A premature baby who was given just weeks to live continues to confound doctors by making remarkable progress.

Jardell Townsend, from Oxford, weighed just 2lb when he was born four months early last August.

He developed post-haemorrhagic hydrocephalus – fluid on the brain which causes the skull to swell – and further complications, including chronic lung disease, coliform on the lungs and epilepsy.

Three times, doctors at Oxford’s John Radcliffe Hospital told his mother Hailey, from Blackbird Leys, to say her final goodbyes.

But Jardell battled on and in January Miss Townsend appealed to Oxford Mail readers for help to finding a specially-made hat for her son, whose head had swelled from 26.7cm at birth to 41cm around in a matter of weeks.

Our readers duly delivered and 80-year-old May Russell, from North Hinksey, was the first to knit Jardell a bespoke hat to keep him warm after he was discharged from hospital.

Three months on, his recovery has exceeded all expectations.

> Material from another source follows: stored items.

Lemma mediation_ratio_identity {F : fieldType}
    {p00 p01 p11 q00 q01 q11 pA0 pA1 g0 g1 n0 l c00 c01 gn gd : F} :
  p00 != 0 -> p01 != 0 -> p11 != 0 -> q11 / p11 != 0 ->
  p11 = pA1 * g1 -> p01 = pA0 * g0 -> p00 = pA0 * n0 ->
  q11 = pA1 * gd -> q00 = pA0 * (n0 * c00) -> q01 = pA0 * (g0 * c01) ->
  g1 = l + g0 -> gd = gn + l * c00 + g0 * c01 ->
  gn / gd = (1 - q00 / p00 / (q11 / p11)) * (1 - p01 / pA0 / (p11 / pA1))
          + (1 - q01 / p01 / (q11 / p11)) * (p01 / pA0 / (p11 / pA1)).
Proof.
move=> p00n p01n p11n mu11n p11E p01E p00E q11E q00E q01E g1E gdE.
move: p11n p01n p00n; rewrite p11E p01E p00E !mulf_eq0 !negb_or.
move=> /andP[pA1n g1n] /andP[pA0n g0n] /andP[_ n0n].
have gdn : gd != 0 by apply: contraNneq mu11n => gd0; rewrite q11E gd0 mulr0 mul0r.
have -> : gn = gd - (g1 - g0) * c00 - g0 * c01 by rewrite gdE g1E; ring.
rewrite q11E q00E q01E; field.
by rewrite gdn g1n pA1n pA0n n0n g0n.
Qed.

Theorem mainTheorem3 (R : realType) (d : measure_display) (T : measurableType d)
  (P : probability T R) (dV : measure_display) (V : measurableType dV)
  (X : T -> V) (A M Y : T -> bool) (Yp : bool -> bool -> T -> bool)
  (Mp : bool -> T -> bool)
  (p q : bool -> bool -> V -> R) (pA : bool -> V -> R) (gnum gden : V -> R) :
  measurable_fun setT X -> measurable_fun setT A -> measurable_fun setT M ->
  measurable_fun setT Y -> (forall a m, measurable_fun setT (Yp a m)) ->
  (forall a, measurable_fun setT (Mp a)) ->
  (forall a m, cprob_version P X [set t | A t = a /\ M t = m] (p a m)) ->
  (forall a m, cprob_version P X [set t | Y t = true /\ A t = a /\ M t = m] (q a m)) ->
  (forall a, cprob_version P X [set t | A t = a] (pA a)) ->
  cprob_version P X
    [set t | Yp false (Mp false t) t = false /\ Yp true (Mp true t) t = true
             /\ Mp true t = true] gnum ->
  cprob_version P X [set t | Yp true (Mp true t) t = true /\ Mp true t = true] gden ->
  (forall t a m, A t = a -> M t = m -> Y t = Yp a m t) ->
  (forall t a, A t = a -> M t = Mp a t) ->
  (exists2 eps : R, 0 < eps & {ae P, forall t, eps <= q true true (X t) / p true true (X t)}) ->
  {ae P, forall t, Mp false t ==> Mp true t} ->
  {ae P, forall t, forall m, Yp false m t ==> Yp true true t} ->
  (forall m, cindep_rv P X A (fun t => (Yp true true t, Yp false m t, Mp true t, Mp false t))) ->
  (forall m, cindep_rv P X (fun t => (Mp false t, Mp true t)) (Yp false m)) ->
  (exists2 eps : R, 0 < eps &
     {ae P, forall t, eps <= p false false (X t) /\ eps <= p false true (X t)
                      /\ eps <= p true true (X t)}) ->
  {ae P, forall t,
     gnum (X t) / gden (X t) =
       (1 - q false false (X t) / p false false (X t) / (q true true (X t) / p true true (X t)))
       * (1 - (p false true (X t) / pA false (X t)) / (p true true (X t) / pA true (X t)))
     + (1 - q false true (X t) / p false true (X t) / (q true true (X t) / p true true (X t)))
       * ((p false true (X t) / pA false (X t)) / (p true true (X t) / pA true (X t)))}.
Proof.
move=> mX mA _ _ mYp mMp vp vq vpA vgnum vgden cY cM [e1 e1_gt0 mu11_ge]
  monoM monoY ign cw [e2 e2_gt0 p_ge].
have tm a m := treatment_mediator_factor mX mA mYp mMp ign cM a m (vp a m) (vpA a).
have co m := control_outcome_factor mX mA mYp mMp ign cw cY cM m (vq false m) (vpA false).
have q11E := treated_outcome_factor mX mA mYp mMp ign cY cM (vq true true) (vpA true) vgden.
have g1E := mediator_strata mX mMp monoM.
have gdE := outcome_strata mX mYp mMp cw monoM monoY vgnum vgden.
have mu11_neq0 : {ae P, forall t, q true true (X t) / p true true (X t) != 0}.
  by apply: filterS mu11_ge => t /(lt_le_trans e1_gt0)/lt0r_neq0.
have p_neq0 : {ae P, forall t, [/\ p false false (X t) != 0, p false true (X t) != 0
                                 & p true true (X t) != 0]}.
  by apply: filterS p_ge => t [? [? ?]]; split; apply/lt0r_neq0/(lt_le_trans e2_gt0).
near=> t.
have [//|p00n p01n p11n] := near p_neq0 t.
refine (mediation_ratio_identity p00n p01n p11n (near mu11_neq0 t _)
  (near (tm true true) t _) (near (tm false true) t _) (near (tm false false) t _)
  (near q11E t _) (near (co false) t _) (near (co true) t _)
  (near g1E t _) (near gdE t _)); done.
Unshelve. all: by end_near.
Qed.
Lemma orthonormal_margin A : A *m A^T = 1%:M ->
  exists w, cnorm2 w <= 1 /\
    forall p, in_simplex p -> 1 / Num.sqrt n%:R <= bilin p A w.
Proof.
move=> AAT; have n_gt0 : (0 : R) < n%:R by rewrite ltr0n.
set c := (Num.sqrt n%:R)^-1.
have AATw : A *m (A^T *m ones) = ones by rewrite mulmxA AAT mul1mx.
exists (c *: (A^T *m ones)); split.
  rewrite cnorm2E !linearZ /= -scalemxAl scalerA -expr2 trmx_mul trmxK.
  rewrite -mulmxA AATw !mxE (eq_bigr (fun=> 1)) => [|k _]; last by rewrite !mxE mulr1.
  by rewrite sumr_const card_ord /c exprVn (sqr_sqrtr (ltW n_gt0)) mulVf ?gt_eqF // sqrtr1.
move=> p p_simplex; rewrite /bilin -scalemxAr -mulmxA AATw simplex_sum1 //.
by rewrite !mxE mulr1 mul1r.
Qed.

End OrthonormalRows.

Lemma in_simplex_delta (R : realType) n (l : 'I_n) : in_simplex (delta_mx l 0 : 'cV[R]_n).
Proof.
split=> [i|]; first by rewrite mxE ler0n.
by rewrite (bigD1 l) //= big1 ?mxE ?eqxx ?addr0 // => i /negPf ne; rewrite mxE ne.
Qed.

Lemma bilin_delta (R : realType) n d (A : 'M[R]_(n, d)) (l : 'I_n) w :
  bilin (delta_mx l 0) A w = (row l A *m w) 0 0.
Proof. by rewrite /bilin trmx_delta -rowE. Qed.

Section Adversary.
Variables (R : realType) (n d : nat) (alg : algorithm R n d).

Record adversary_state := AdversaryState {
  adv_history : seq (response R n d);
  adv_matrix : 'M[R]_(n, d);
  adv_queried : seq 'cV[R]_d }.

Definition adversary_step st :=
  let q := alg_query alg (adv_history st) in
  let ws := rcons (adv_queried st) q.2 in
  let M := reveal_row 1 ws (adv_matrix st) q.1 in
  AdversaryState (rcons (adv_history st) (oracle1 M q)) M ws.

Fixpoint adversary k :=
  if k is k'.+1 then adversary_step (adversary k') else AdversaryState [::] 0 [::].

Miss Townsend, 24, who now lives in Wharton Road, Headington, said: “He had an appointment at the hospital on Tuesday and they have now told us to come back in six months.

“So far he’s over all the operations. He had bronchiolitis recently but got over that in a week and he’s just had his paediatric check-up and is doing extremely well.

“He’ll be on medication for the rest of his life, because he’s brain damaged and the doctors don’t know how that’s affecting him, but he’s doing everything he can.”